Выбрать главу
* * *

В апреле Блэкьер и Луриоттис приехали в Каса-Салюццо, и Байрон предложил им в июле поехать на Восток, если комитет считает это полезным. И почему ему было не поехать? Он жаждал ощущений, которых было так мало в монотонном генуэзском существовании, и ему хотелось показать, что он не только стихотворец, — поездка в Грецию давала эту возможность. «Быть первым человеком в стране (но не диктатором), не Суллой, а Вашингтоном или Аристидом, вождем по таланту и правде, — это значит приблизиться к божественному». Когда-то он написал это; верил в это и теперь. Ему всегда хотелось сделать то, «что немногие из людей или никто не мог бы сделать». Неудача «Либерала», некоторый неуспех последних напечатанных вещей — все это заставляло его подумать, что надо снова завоевать общественное мнение. Поэт перестал нравиться. Может быть, Англия и была права. Он всегда считал себя солдатом или государственным деятелем, лишенным из-за своего увечья возможности вести ту жизнь, для которой он был рожден. Отныне он хотел «посвятить себя политике и благопристойности». «Если я проживу еще десять лет, вы увидите, что со мной еще не покончено. Я говорю не о литературе, потому что это — пустяки; и, как бы странно это ни показалось, не верю, чтобы она была моим призванием. И вы увидите, если время и судьба позволят, я сделаю кое-что, что удивит философов всех времен».

Но, конечно, он ждал от этой жертвы не только искупления в глазах общества, скорее он думал о спасении Байрона в его собственной байронической душе.

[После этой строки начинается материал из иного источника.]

Lemma INR_le_fact n : INR n <= INR (fact n).
Proof.
  apply le_INR. destruct n as [|n]; [simpl; lia|].
  rewrite fact_simpl. pose proof (lt_O_fact n). nia.
Qed.

Lemma fact_bounded_J0_coef : fact_bounded J0_coef.
Proof.
  intros n. unfold J0_coef, Rdiv. pose proof (INR_fact_lt_0 n).
  rewrite Rabs_mult, pow_1_abs, Rmult_1_l, Rabs_pos_eq.
  2:{ apply Rlt_le, Rinv_0_lt_compat, pow_lt. lra. }
  apply Rinv_le_contravar; [lra|].
  assert (1 <= INR (fact n)) by (apply (le_INR 1); pose proof (lt_O_fact n); lia). nra.
Qed.

Lemma fact_bounded_S0_coef : fact_bounded S0_coef.
Proof.
  intros n. unfold S0_coef, Rdiv. pose proof (INR_fact_lt_0 n).
  pose proof (harm_le n). pose proof (INR_le_fact n).
  assert (Hinv : 0 < / INR (fact n) ^ 2) by (apply Rinv_0_lt_compat, pow_lt; lra).
  rewrite Rmult_assoc, Rabs_mult, pow_1_abs, Rmult_1_l, Rabs_pos_eq by nra.
  apply Rle_trans with (INR (fact n) * / INR (fact n) ^ 2).
  - apply Rmult_le_compat_r; lra.
  - right. field. lra.
Qed.

(* Functions of s = (t/2)^2: [J0s s = J_0(t)] and [Y0s s = Y_0(t)] (see [hankel10_sqr]);
   primes denote d/ds. *)
Definition J0s := PSeries J0_coef.
Definition J0s' := PSeries (PS_derive J0_coef).
Definition J0s'' := PSeries (PS_derive (PS_derive J0_coef)).
Definition S0s := PSeries S0_coef.
Definition S0s' := PSeries (PS_derive S0_coef).
Definition S0s'' := PSeries (PS_derive (PS_derive S0_coef)).

Definition Y0s (s : R) : R :=
  2 / PI * ((ln s / 2 + euler_gamma) * J0s s + S0s s).
Definition Y0s' (s : R) : R :=
  2 / PI * (J0s s / (2 * s) + (ln s / 2 + euler_gamma) * J0s' s + S0s' s).
Definition Y0s'' (s : R) : R :=
  2 / PI * (- J0s s / (2 * s ^ 2) + J0s' s / s + (ln s / 2 + euler_gamma) * J0s'' s
            + S0s'' s).

Lemma besselJ0_J0s t : besselJ0 t = J0s ((t / 2) ^ 2).
Proof.
  unfold besselJ0, J0s, PSeries. apply Series_ext. intros k.
  unfold J0_coef. rewrite pow_mult. unfold Rdiv. ring.
Qed.

Lemma hankel10_sqr t :
  0 < t -> hankel10 t = (J0s ((t / 2) ^ 2), Y0s ((t / 2) ^ 2)).
Proof.
  intros Ht. unfold hankel10, besselY0, Y0s. rewrite besselJ0_J0s, ln_pow by lra.
  replace (INR 2 * ln (t / 2) / 2) with (ln (t / 2)) by (simpl; field).
  do 4 f_equal. unfold S0s, PSeries. apply Series_ext. intros k.
  unfold S0_coef. rewrite pow_mult. unfold Rdiv. ring.
Qed.

Lemma is_derive_J0s s : Rabs s <= / 2 -> is_derive J0s s (J0s' s).
Proof. apply fact_bounded_is_derive, fact_bounded_J0_coef. Qed.
(* Consider $P(\omega)$ with the Michael topology. If $\mathfrak{b}=\aleph_1$, then there is a subspace $X\subseteq P(\omega)$ which is a $\gamma$-space and is also a Michael space, i.e., $X$ is Lindelöf and $X\times\mathbb{P}$ is not Lindelöf, where $\mathbb{P}$ is the space of irrational numbers.
   Context: $P(\omega)$ is identified with the Cantor space $2^\omega$ via characteristic functions, giving the Cantor topology. The Michael topology on $P(\omega)$ is the finer topology obtained by additionally declaring every infinite subset of $\omega$ to be an isolated point. For $f,g\in\omega^\omega$, $f\le^* g$ means $f(n)\le g(n)$ for all but finitely many $n$; $\mathfrak{b}$ is the minimal cardinality of a subset of $\omega^\omega$ that is unbounded with respect to $\le^*$. An open cover $\mathcal{U}$ of a space $X$ is an $\omega$-cover if $X\notin\mathcal{U}$ and every finite subset of $X$ is included in some member of $\mathcal{U}$. A point-cofinite cover is an infinite open cover such that each point belongs to all but finitely many of its members. $X$ is a $\gamma$-space if every $\omega$-cover of $X$ includes a point-cofinite cover. *)

From HB Require Import structures.
From mathcomp Require Import all_boot all_order all_algebra.
From mathcomp Require Import all_classical all_reals all_analysis.
Set Implicit Arguments. Unset Strict Implicit. Unset Printing Implicit Defensive.
Import Order.TTheory GRing.Theory Num.Theory.
Import numFieldNormedType.Exports.
Local Open Scope classical_set_scope.

(* P(omega) identified with characteristic functions nat -> bool. *)
Definition Pw := nat -> bool.

Definition infinite_pt (x : Pw) : Prop := ~ finite_set [set n | x n].

Definition cantor_open (U : set Pw) : Prop :=
  forall x, U x -> exists n : nat,
    forall y : Pw, (forall i, (i < n)%N -> y i = x i) -> U y.

(* Michael topology: generated by the Cantor open sets and the singletons of
   infinite subsets; its open sets are exactly V `|` A with V Cantor open and
   A a set of infinite subsets of omega. *)
Definition michael_open (U : set Pw) : Prop :=
  exists V A : set Pw, cantor_open V /\ (forall x, A x -> infinite_pt x) /\
    U = V `|` A.

Definition rel_open {T} (op : set T -> Prop) (X U : set T) : Prop :=
  exists W, op W /\ U = X `&` W.

Definition omega_cover {T} (op : set T -> Prop) (X : set T)
    (C : set (set T)) : Prop :=
  (forall U, C U -> rel_open op X U) /\
  X `<=` \bigcup_(U in C) U /\
  ~ C X /\
  (forall F : set T, finite_set F -> F `<=` X -> exists2 U, C U & F `<=` U).

Definition point_cofinite_cover {T} (op : set T -> Prop) (X : set T)
    (C : set (set T)) : Prop :=
  (forall U, C U -> rel_open op X U) /\
  X `<=` \bigcup_(U in C) U /\
  ~ finite_set C /\
  (forall x, X x -> finite_set [set U | C U /\ ~ U x]).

Он показал в «Манфреде», что ад для него — разлад с самим собой. Этот разлад, посеявший с самого юношества вражду между Байроном, который мог бы быть, и Байроном, который был на самом деле, мог быть разрешен настоящим героизмом, позволяющим восторжествовать прежнему мятежному школьнику. Он нацарапал несколько стихов в тетради — начало неоконченной песни:

Проснулись мертвые — ужели буду спать? С тиранами мир бьется — промолчу ли? Поспела жатва — иль не соберу я? Не сплю, терновник колет изголовье, И каждый день трубит рожок в окно И будит отзвук в сердце…

«Стишки», — говорил он пренебрежительно, но никто лучше него не измерил этот разрыв между живыми чувствами, такими, какими видел их его усмехающийся здравый смысл, и чувствами, которые выражаются в стихах. Но как бы безжалостен ни был его анализ, как ни иронична была улыбка, когда кто-нибудь из его приятелей говорил о «греческом вопросе», сам он знал хорошо, что любовь к свободе и желание великих деяний были в нем реальны и сильны.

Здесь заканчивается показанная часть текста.